In the early half of 2001 Victor started attending music workshops at the college of music in Harare where he first handled a guitar to learn how to play the strings for the first time.

Victor derives inspiration from the masters of Zimbabwean music namely Oliver Mtukudzi, Thomas Mapfumo, Louis Mhlanga, Chiwoniso Maraire and from general traditional rhythms. Through working with non-governmental organisations, Victor has been vocal in fighting social ills such as gender-based violence and drug abuse.

===Debut album: Such is Life: Ndanyengetedzwa===
His first album released in 2004, became a hit based on the songs "Maidarirei", "Ndanyengetedzwa namai" and "Tigere".

The album sold very well and music video for "Maidarirei" also did very well on Zimbabwean TV music video charts.
"Such is Life: Ndanyengetedzwa" song list:
- 1. Mayidarirei
- 2. Umazenza
- 3. Usacheme
- 4. Ndanyengetedzwa
- 5. Tigere
- 6. Peace
- 7. Usacheme Mix
- 8. Mayidarirei Mix

===Uyo===
On Victor's second album, "Uyo", released in 2006, big names in Afro-Jazz appeared, this includes celebrated drummer, Sam Mataure, female jazz vocalist Prudence Katomeni, bassist Kelly Rusike, keyboardist Manasa Mujawo, Guitarist Zivanai Masango, percussionist Adam Chisvo, Richie Lopez on saxophone.

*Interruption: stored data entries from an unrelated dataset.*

(* Let $\boldsymbol{\mathcal{A}}\in\mathbb{C}^{N\times N\times M\times M}$ and $\mathbf{v},\mathbf{w}\in\mathbb{C}^N$ with $\mathbf{w}^H\mathbf{v}=1$, and run the tensor non-Hermitian Lanczos process (see context) with arbitrary nonsingular choices $\boldsymbol{\gamma}_2,\boldsymbol{\gamma}_3,\dots$. Let $n\ge1$ and suppose $\boldsymbol{\beta}_2,\dots,\boldsymbol{\beta}_n$ are all nonsingular, so that $\boldsymbol{\alpha}_1,\dots,\boldsymbol{\alpha}_n$, $\boldsymbol{\beta}_2,\dots,\boldsymbol{\beta}_n$, $\boldsymbol{\gamma}_2,\dots,\boldsymbol{\gamma}_n$ and hence $\boldsymbol{\mathcal{T}}_n$ are defined. Let $E_1=\mathbf{e}_1\otimes I_M\in\mathbb{C}^{n\times M\times M}$ and $E_1^D=\mathbf{e}_1\otimes I_M$, where $\mathbf{e}_1$ is the first canonical basis vector of $\mathbb{C}^n$. Then $$W^D*\boldsymbol{\mathcal{A}}^{k_*}*V=E_1^D*(\boldsymbol{\mathcal{T}}_n)^{k_*}*E_1\quad\text{for }k=0,1,\dots,2n-1.$$
   Context: Slicing and products: for a 4-mode tensor, $\boldsymbol{\mathcal{A}}_{i_1,i_2,:,:}$ denotes the $M\times M$ matrix slice; for a 3-mode tensor, $A_{i,:,:}$ likewise. $*$-tensor product: $(\boldsymbol{\mathcal{A}}*\boldsymbol{\mathcal{B}})_{i_1,i_2,:,:}=\sum_k\boldsymbol{\mathcal{A}}_{i_1,k,:,:}\boldsymbol{\mathcal{B}}_{k,i_2,:,:}$. Tensor-hypervector product: $(\boldsymbol{\mathcal{A}}*A)_{i,:,:}=\sum_k\boldsymbol{\mathcal{A}}_{i,k,:,:}A_{k,:,:}$; left action of a 3-mode tensor $B^D$ (superscript $D$ marks tensors acting from the left): $(B^D*\boldsymbol{\mathcal{A}})^D_{i,:,:}=\sum_k B^D_{k,:,:}\boldsymbol{\mathcal{A}}_{k,i,:,:}$; hypervector inner product $B^D*A=\sum_kB^D_{k,:,:}A_{k,:,:}\in\mathbb{C}^{M\times M}$. These products are associative. For $\boldsymbol{\alpha}\in\mathbb{C}^{M\times M}$ and a 3-mode tensor $A$: $(A\times\boldsymbol{\alpha})_{i,:,:}=A_{i,:,:}\boldsymbol{\alpha}$, $(\boldsymbol{\alpha}\times A)_{i,:,:}=\boldsymbol{\alpha}A_{i,:,:}$. For $\mathbf{a}\in\mathbb{C}^N$, $\mathbf{a}\otimes I_M\in\mathbb{C}^{N\times M\times M}$ has slices $(\mathbf{a}\otimes I_M)_{i,:,:}=\mathbf{a}_iI_M$. The $*$-identity $\boldsymbol{\mathcal{I}}_*$ (of the appropriate size) has slices $I_M$ when $i_1=i_2$ and $0$ otherwise; $\boldsymbol{\mathcal{A}}^{0_*}=\boldsymbol{\mathcal{I}}_*$ and $\boldsymbol{\mathcal{A}}^{k_*}$ is the $k$-fold $*$-product of $\boldsymbol{\mathcal{A}}$ with itself. Tensor non-Hermitian Lanczos process: set $V=\mathbf{v}\otimes I_M$, $W^D=\overline{\mathbf{w}}\otimes I_M$, $V_0=W_0^D=0$, $\boldsymbol{\beta}_1=0$, $V_1=V$, $W_1^D=W^D$. For $k=1,2,\dots$: $\boldsymbol{\alpha}_k=W_k^D*\boldsymbol{\mathcal{A}}*V_k$; $\widehat W_{k+1}^D=W_k^D*\boldsymbol{\mathcal{A}}-\boldsymbol{\alpha}_k\times W_k^D-\boldsymbol{\beta}_k\times W_{k-1}^D$; $\widehat V_{k+1}=\boldsymbol{\mathcal{A}}*V_k-V_k\times\boldsymbol{\alpha}_k-V_{k-1}\times\boldsymbol{\gamma}_k$ (the term with $\boldsymbol{\gamma}_1$ vanishes since $V_0=0$); choose a nonsingular $\boldsymbol{\gamma}_{k+1}\in\mathbb{C}^{M\times M}$; $\boldsymbol{\beta}_{k+1}=\boldsymbol{\gamma}_{k+1}^{-1}(\widehat W_{k+1}^D*\widehat V_{k+1})$; if $\boldsymbol{\beta}_{k+1}$ is singular the process stops, otherwise $V_{k+1}=\widehat V_{k+1}\times\boldsymbol{\beta}_{k+1}^{-1}$ and $W_{k+1}^D=\boldsymbol{\gamma}_{k+1}^{-1}\times\widehat W_{k+1}^D$. Tridiagonal tensor $\boldsymbol{\mathcal{T}}_n\in\mathbb{C}^{n\times n\times M\times M}$: $(\boldsymbol{\mathcal{T}}_n)_{i,i,:,:}=\boldsymbol{\alpha}_i$ ($1\le i\le n$), $(\boldsymbol{\mathcal{T}}_n)_{i,i+1,:,:}=\boldsymbol{\gamma}_{i+1}$ ($1\le i\le n-1$), $(\boldsymbol{\mathcal{T}}_n)_{i,i-1,:,:}=\boldsymbol{\beta}_i$ ($2\le i\le n$), all other slices zero. *)

From HB Require Import structures.
From mathcomp Require Import all_boot all_order all_algebra.
Set Implicit Arguments. Unset Strict Implicit. Unset Printing Implicit Defensive.
Import Order.TTheory GRing.Theory Num.Theory.
Local Open Scope ring_scope.

Section Tensors.
Variables (C : numClosedFieldType) (M : nat).

(* 4-mode tensor in C^{N x N x M x M}: slices A i1 i2 : 'M_M *)
Definition tensor4 (N : nat) := 'I_N -> 'I_N -> 'M[C]_M.
(* 3-mode tensor (hypervector) in C^{N x M x M} *)
Definition hvec (N : nat) := 'I_N -> 'M[C]_M.

Definition tmul N (A B : tensor4 N) : tensor4 N :=
  fun i1 i2 => \sum_(k < N) A i1 k *m B k i2.
Definition tvmul N (A : tensor4 N) (X : hvec N) : hvec N :=
  fun i => \sum_(k < N) A i k *m X k.
Definition vtmul N (B : hvec N) (A : tensor4 N) : hvec N :=
  fun i => \sum_(k < N) B k *m A k i.
Definition hdot N (B X : hvec N) : 'M[C]_M := \sum_(k < N) B k *m X k.
Definition hscr N (X : hvec N) (a : 'M[C]_M) : hvec N := fun i => X i *m a.
Definition hscl N (a : 'M[C]_M) (X : hvec N) : hvec N := fun i => a *m X i.
Definition hadd N (X Y : hvec N) : hvec N := fun i => X i + Y i.
Definition hopp N (X : hvec N) : hvec N := fun i => - X i.
Definition hzero N : hvec N := fun _ => 0.
Definition kronI N (a : 'I_N -> C) : hvec N := fun i => a i *: 1%:M.
Definition tid N : tensor4 N := fun i1 i2 => if i1 == i2 then 1%:M else 0.
Definition tpow N (A : tensor4 N) (k : nat) : tensor4 N := iter k (tmul A) (@tid N).

(* State of the Lanczos process at step k >= 1:
   (V_{k-1}, V_k, W^D_{k-1}, W^D_k, beta_k). *)
Record lstate N := LState {
  Vprev : hvec N; Vcur : hvec N; Wprev : hvec N; Wcur : hvec N; betacur : 'M[C]_M }.

Definition lalpha N (A : tensor4 N) (s : lstate N) : 'M[C]_M :=
  hdot (vtmul (Wcur s) A) (Vcur s).

(* one step k -> k+1, with gk = gamma_k, gk1 = gamma_{k+1} *)
Definition lstep N (A : tensor4 N) (gk gk1 : 'M[C]_M) (s : lstate N) : lstate N :=
  let a := lalpha A s in
  let What := hadd (vtmul (Wcur s) A)
                   (hopp (hadd (hscl a (Wcur s)) (hscl (betacur s) (Wprev s)))) in
  let Vhat := hadd (tvmul A (Vcur s))
                   (hopp (hadd (hscr (Vcur s) a) (hscr (Vprev s) gk))) in
  let b := invmx gk1 *m hdot What Vhat in
  LState (Vcur s) (hscr Vhat (invmx b)) (Wcur s) (hscl (invmx gk1) What) b.

(* lanczos A V W gam k = state at step k.+1 (k >= 0) *)
Fixpoint lanczos N (A : tensor4 N) (V W : hvec N) (gam : nat -> 'M[C]_M) (k : nat)
  : lstate N :=
  match k with
  | 0 => LState (@hzero N) V (@hzero N) W 0
  | k'.+1 => lstep A (gam k) (gam k.+1) (lanczos A V W gam k')
  end.

(* 1-based accessors: alpha_k, beta_k (k >= 1) *)
Definition alpha N A V W gam (k : nat) : 'M[C]_M := lalpha A (@lanczos N A V W gam k.-1).
Definition beta N A V W gam (k : nat) : 'M[C]_M := betacur (@lanczos N A V W gam k.-1).

(* tridiagonal tensor T_n (0-based indices i, j of 'I_n correspond to i+1, j+1) *)
Definition Ttri N A V W gam (n : nat) : tensor4 n := fun i j =>
  if val i == val j then alpha A V W gam (val i).+1
  else if (val j == (val i).+1) then gam (val i).+2
  else if (val i == (val j).+1) then @beta N A V W gam (val i).+1
  else 0.

Definition Efirst (n : nat) : hvec n := fun i => if val i == 0%N then 1%:M else 0.

End Tensors.

Arguments Ttri {C M N} A V W gam n _ _.
Arguments Efirst {C M} n _.
Arguments tid {C M} N _ _.
Arguments hzero {C M} N _.

From HB Require Import structures.
From mathcomp Require Import all_boot all_order all_algebra.
From mathcomp Require Import zify.
From Stdlib Require Import FunctionalExtensionality.
Set Implicit Arguments. Unset Strict Implicit. Unset Printing Implicit Defensive.
Import Order.TTheory GRing.Theory Num.Theory.
Local Open Scope ring_scope.

(* The three-term recurrences make the Lanczos bases biorthogonal, W_i * V_j = delta_ij I_M.
   Packaging the first n vectors as combinations, the recurrences read A * (sum_j V_j c_j) = sum_j V_j (T_n * c)_j
   + \hat V_{n+1} c_n, and dually for W^D.  Since T_n^b * E_1 vanishes beyond index b,
   this gives A^b * V = sum_j V_j (T_n^b * E_1)_j for b <= n-1, dually W^D * A^a for
   a <= n-1, and one further factor A adds only a multiple of \hat V_{n+1}, which is
   orthogonal to all W_i.  Biorthogonality then turns W^D * A^(a+b) * V into
   E_1^D * T_n^(a+b) * E_1 whenever a <= n-1 and b <= n, i.e. for every k <= 2n-1. *)

Section HypervectorAlgebra.
Variables (C : numClosedFieldType) (M N : nat).
Implicit Types (A B : tensor4 C M N) (X Y Z : hvec C M N) (a : 'M[C]_M).

Lemma hdot_vtmul A Y X : hdot (vtmul Y A) X = hdot Y (tvmul A X).
Proof.
rewrite /hdot /vtmul /tvmul.
under eq_bigr => i _ do rewrite mulmx_suml.
rewrite exchange_big; apply: eq_bigr => k _.
by rewrite mulmx_sumr; apply: eq_bigr => i _; rewrite mulmxA.
Qed.

Lemma vtmul_tmul Y A B : vtmul Y (tmul A B) = vtmul (vtmul Y A) B.
Proof.
apply: functional_extensionality => i; rewrite /vtmul /tmul.
under eq_bigr => k _ do rewrite mulmx_sumr.
rewrite exchange_big; apply: eq_bigr => l _.
by rewrite mulmx_suml; apply: eq_bigr => k _; rewrite mulmxA.
Qed.

Lemma vtmul_tid Y : vtmul Y (tid N) = Y.
Proof.
apply: functional_extensionality => i; rewrite /vtmul /tid.
rewrite (bigD1 i) //= eqxx mulmx1 big1 ?addr0 // => k /negbTE ->.
by rewrite mulmx0.
Qed.

Definition vtiter A k Y := iter k (fun Z => vtmul Z A) Y.
Definition tviter A k X := iter k (tvmul A) X.

Lemma vtmul_tpow Y A k : vtmul Y (tpow A k) = vtiter A k Y.
Proof.
elim: k Y => [|k IHk] Y; first exact: vtmul_tid.
by rewrite /vtiter iterSr -/(vtiter A k _) -IHk -vtmul_tmul.
Qed.

Lemma hdot_vtiter A k Y X : hdot (vtiter A k Y) X = hdot Y (tviter A k X).
Proof.
elim: k Y => [|k IHk] Y //.
by rewrite /vtiter iterSr -/(vtiter A k _) IHk hdot_vtmul.
Qed.

Lemma hdot_tpowD A p q Y X :
  hdot (vtmul Y (tpow A (p + q))) X = hdot (vtiter A p Y) (tviter A q X).
Proof. by rewrite vtmul_tpow /vtiter addnC iterD -!/(vtiter A _ _) hdot_vtiter. Qed.

Lemma hdot_addl X Y Z : hdot (hadd X Y) Z = hdot X Z + hdot Y Z.
Proof. by rewrite /hdot -big_split; apply: eq_bigr => i _; rewrite mulmxDl. Qed.
Lemma hdot_addr X Y Z : hdot Z (hadd X Y) = hdot Z X + hdot Z Y.
Proof. by rewrite /hdot -big_split; apply: eq_bigr => i _; rewrite mulmxDr. Qed.
Lemma hdot_oppl X Z : hdot (hopp X) Z = - hdot X Z.
Proof. by rewrite /hdot -sumrN; apply: eq_bigr => i _; rewrite mulNmx. Qed.
Lemma hdot_oppr X Z : hdot Z (hopp X) = - hdot Z X.
Proof. by rewrite /hdot -sumrN; apply: eq_bigr => i _; rewrite mulmxN. Qed.
Lemma hdot_hscl a X Z : hdot (hscl a X) Z = a *m hdot X Z.
Proof. by rewrite /hdot mulmx_sumr; apply: eq_bigr => i _; rewrite mulmxA. Qed.
Lemma hdot_hscr a X Z : hdot Z (hscr X a) = hdot Z X *m a.
Proof. by rewrite /hdot mulmx_suml; apply: eq_bigr => i _; rewrite mulmxA. Qed.
Lemma hdot0l Z : hdot (hzero N) Z = 0.
Proof. by rewrite /hdot big1 // => i _; rewrite mul0mx. Qed.
Lemma hdot0r Z : hdot Z (hzero N) = 0.
Proof. by rewrite /hdot big1 // => i _; rewrite mulmx0. Qed.

Lemma hdot_kronI (a b : 'I_N -> C) :
  hdot (kronI M a) (kronI M b) = (\sum_(i < N) a i * b i)%:M.
Proof.
rewrite /hdot /kronI -[in RHS]scalemx1 scaler_suml.
by apply: eq_bigr => i _; rewrite -scalemxAl mul1mx scalerA.
Qed.

End HypervectorAlgebra.

Section HypervectorExtension.
Variables (C : numClosedFieldType) (M n : nat).
Implicit Types (c : hvec C M n) (F : nat -> 'M[C]_M).

Definition hext c (j : nat) : 'M[C]_M := if insub j is Some i then c i else 0.

Lemma hext_ord c (i : 'I_n) : hext c i = c i.
Proof. by rewrite /hext valK. Qed.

His second offering made an equally big success on Zimbabwean music charts and is still very much popular to date.
"Uyo" Song list:
- 1. Mandirasa
- 2. Kana
- 3. Kure (The Prodigal Son)
- 4. Mamurega
- 5. Munyamai
- 6. Next
- 7. Nzara
- 8. Zivanayi
- 9. Uyo

in 2010, Victor released his 3rd Album Handinete.

==Peace==
Victor formed the group “Peace” in 2004 and since then, they have been a part of every major festival in Zimbabwe and a regular feature at premium Zimbabwe functions and Jazz clubs. Victor and Peace have also performed alongside musical greats like Oliver Mtukudzi, Steve Dyer, Malaika, Habib Coyete, Jabu Khanyile, Yvonne Chaka Chaka, Judith Sephuma, Louis Mhlanga, and Hugh Masekela.
The group is known to give spirited performances at annual arts festivals like the Harare International Festival of the Arts (HIFA), the Zimbabwe Jazz Festival among others.